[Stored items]
===

(* Let $(\alpha_n,\beta_n)_{n\ge1}$ be integers with $12\sum_{k<n}\beta_k<\alpha_n\le\beta_n$ for every $n$ and $\sum_i\frac{\log\beta_i}{3^i}<\infty$. Then for all sufficiently small $\varepsilon>0$, a $B_\varepsilon$-random subset of $\mathbb{Z}^2$ is bi-sparse (with respect to $(\alpha_n,\beta_n)$) with probability $1$.
   Context: Distances on $\mathbb{Z}^2$ are $\ell_\infty$; diameters and $\beta$-neighborhoods are taken with respect to this distance. For $E\subset\mathbb{Z}^2$ and integers $\beta\ge\alpha>0$, a nonempty $X\subset E$ is an $(\alpha,\beta)$-bi-island in $E$ if $X=X_0\cup X_1$ for some sets $X_0,X_1$ such that: the $\beta$-neighborhood of $X$ contains no point of $E\setminus X$; $X_0$ and $X_1$ have diameter at most $\alpha$; and the distance between $X_0$ and $X_1$ is at most $\beta$ (one of them may be empty). Given $(\alpha_i,\beta_i)$, the cleaning process sets $E_0=E$ and obtains $E_i$ from $E_{i-1}$ by removing all $(\alpha_i,\beta_i)$-bi-islands of $E_{i-1}$ (rank $i$ bi-islands); a point is affected at step $i$ if it lies in the $\beta_i$-neighborhood of some rank $i$ bi-island. $E$ is bi-sparse if every point of $E$ is removed at some step and every point of $\mathbb{Z}^2$ is affected at only finitely many steps. $B_\varepsilon$ is the Bernoulli distribution on subsets of $\mathbb{Z}^2$: each point belongs to the set independently with probability $\varepsilon$. *)

(* subsets of Z^2 as predicates, Bernoulli product measure
   null sets via Caratheodory outer measure on cylinder sets. *)
From Stdlib Require Import Reals ZArith List.
Open Scope R_scope.

Definition pt := (Z * Z)%type.
Definition subset := pt -> Prop.

Definition dist (p q : pt) : Z :=
  Z.max (Z.abs (fst p - fst q)) (Z.abs (snd p - snd q)).

Definition diam_le (X : subset) (a : Z) : Prop :=
  forall x y, X x -> X y -> (dist x y <= a)%Z.

(* distance between X0 and X1 at most b; vacuous if one of them is empty *)
Definition setdist_le (X0 X1 : subset) (b : Z) : Prop :=
  (exists x, X0 x) -> (exists y, X1 y) ->
  exists x y, X0 x /\ X1 y /\ (dist x y <= b)%Z.

Definition bi_island (a b : Z) (E X : subset) : Prop :=
  (exists x, X x) /\
  (forall x, X x -> E x) /\
  (forall x y, X x -> E y -> ~ X y -> (b < dist x y)%Z) /\
  exists X0 X1 : subset,
    (forall x, X x <-> X0 x \/ X1 x) /\
    diam_le X0 a /\ diam_le X1 a /\ setdist_le X0 X1 b.

(* cleaning process: clean alpha beta E i = E_i (steps indexed from 1) *)
Fixpoint clean (alpha beta : nat -> Z) (E : subset) (i : nat) : subset :=
  match i with
  | O => E
  | S j => fun p => clean alpha beta E j p /\
       ~ (exists X, bi_island (alpha (S j)) (beta (S j)) (clean alpha beta E j) X /\ X p)
  end.

Definition affected (alpha beta : nat -> Z) (E : subset) (i : nat) (p : pt) : Prop :=
  exists X, bi_island (alpha i) (beta i) (clean alpha beta E (i - 1)) X /\
            exists x, X x /\ (dist p x <= beta i)%Z.

Definition bi_sparse (alpha beta : nat -> Z) (E : subset) : Prop :=
  (forall p, E p -> exists i, (1 <= i)%nat /\
       clean alpha beta E (i - 1) p /\ ~ clean alpha beta E i p) /\
  (forall p, exists N, forall i, (N < i)%nat -> ~ affected alpha beta E i p).

(* cylinder sets: finite lists of (point, membership) with distinct points *)
Definition cylinder := list (pt * bool).

Definition cyl_wf (c : cylinder) : Prop := NoDup (map fst c).

Definition in_cyl (c : cylinder) (E : subset) : Prop :=
  forall p b, In (p, b) c -> (E p <-> b = true).

Fixpoint cyl_prob (eps : R) (c : cylinder) : R :=
  match c with
  | nil => 1
  | (_, b) :: c' => (if b then eps else 1 - eps) * cyl_prob eps c'
  end.

(* S is B_eps-null: outer measure (countable covers by cylinders) is 0 *)
Definition B_null (eps : R) (S : subset -> Prop) : Prop :=
  forall delta, 0 < delta ->
    exists C : nat -> cylinder,
      (forall n, cyl_wf (C n)) /\
      (forall E, S E -> exists n, in_cyl (C n) E) /\
      (forall N, sum_f_R0 (fun n => cyl_prob eps (C n)) N <= delta).

(* sum_{1 <= k < n} beta k *)
Fixpoint sum_before (beta : nat -> Z) (n : nat) : Z :=
  match n with
  | O => 0%Z
  | S m => match m with O => 0%Z | _ => (sum_before beta m + beta m)%Z end
  end.

(* If [E] is not bi-sparse, then some point [p] has, for infinitely many [n],
   a point [y] within [beta (n+1)] of [p] surviving [n] cleaning steps.  A
   surviving point lies in no bi-island, so it has two companions in [E],
   far from it and from each other, that survived one step less
   ([unisolated_triple]; this needs [alpha] to dominate the earlier scales).
   Iterating, [y] is the root of a "witness": a ternary tree of [3^n] distinct
   points of [E] near [y].  The number of witnesses of depth [n] at a given
   root is at most [M^(3^(n-1))], where [M] is finite by the summability of
   [ln beta_i / 3^i].  A witness has probability [eps^(3^n)], so for
   [18 M eps <= 1] the witnesses of depth [T+k] rooted near the box of
   radius [k] around the origin have total probability at most
   [2 (M eps)^T / 2^k]; summing over [k] and letting [T] grow shows that the
   non-bi-sparse sets are [B_eps]-null. *)

From Pilot Require Import Defs.
From Stdlib Require Import Reals ZArith List Lia Lra Classical.
(* [Defs.dist] must shadow the metric-space [dist] of the real library. *)
Import Defs.
Open Scope R_scope.

(** * Geometry of the l-infinity distance and bi-islands *)

Section Geometry.
Local Open Scope Z_scope.

Lemma dist_triangle x y z : dist x z <= dist x y + dist y z.
Proof. destruct x, y, z; unfold dist; simpl; lia. Qed.

Lemma dist_sym x y : dist x y = dist y x.
Proof. destruct x, y; unfold dist; simpl; lia. Qed.

Lemma dist_nonneg x y : 0 <= dist x y.
Proof. destruct x, y; unfold dist; simpl; lia. Qed.

Lemma dist_refl x : dist x x = 0.
Proof. destruct x; unfold dist; simpl; lia. Qed.

Definition ball (E : subset) (c : pt) (r : Z) : subset :=
  fun p => E p /\ dist c p <= r.

Lemma outside_ball E c r p : E p -> ~ ball E c r p -> r < dist c p.
Proof.
  intros Ep Hp. destruct (Z_lt_le_dec r (dist c p)) as [H | H]; [exact H|].
  exfalso. now apply Hp.
Qed.

Lemma ball_diam E c r a : 2 * r <= a -> diam_le (ball E c r) a.
Proof.
  intros Ha p q [_ Hp] [_ Hq].
  pose proof (dist_triangle p c q). rewrite (dist_sym p c) in *. lia.
Qed.

Lemma bi_island_union (a b : Z) (E X0 X1 : subset) :
  (exists x, X0 x) ->
  (forall x, X0 x \/ X1 x -> E x) ->
  (forall x y, X0 x \/ X1 x -> E y -> ~ (X0 y \/ X1 y) -> b < dist x y) ->
  diam_le X0 a -> diam_le X1 a -> setdist_le X0 X1 b ->
  bi_island a b E (fun p => X0 p \/ X1 p).
Proof.
  intros [x Hx] HE Hiso H0 H1 H01.
  split; [exists x; now left|].
  split; [exact HE|]. split; [exact Hiso|].
  exists X0, X1. split; [tauto|]. auto.
Qed.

===

In the entries above, find the line holding "Definition ball (E" and the line holding "diam_le X0 a ->", then retype exactly those two lines and every line between them, and nothing else.

Your response =
Definition ball (E : subset) (c : pt) (r : Z) : subset :=
  fun p => E p /\ dist c p <= r.

Lemma outside_ball E c r p : E p -> ~ ball E c r p -> r < dist c p.
Proof.
  intros Ep Hp. destruct (Z_lt_le_dec r (dist c p)) as [H | H]; [exact H|].
  exfalso. now apply Hp.
Qed.

Lemma ball_diam E c r a : 2 * r <= a -> diam_le (ball E c r) a.
Proof.
  intros Ha p q [_ Hp] [_ Hq].
  pose proof (dist_triangle p c q). rewrite (dist_sym p c) in *. lia.
Qed.

Lemma bi_island_union (a b : Z) (E X0 X1 : subset) :
  (exists x, X0 x) ->
  (forall x, X0 x \/ X1 x -> E x) ->
  (forall x y, X0 x \/ X1 x -> E y -> ~ (X0 y \/ X1 y) -> b < dist x y) ->
  diam_le X0 a -> diam_le X1 a -> setdist_le X0 X1 b ->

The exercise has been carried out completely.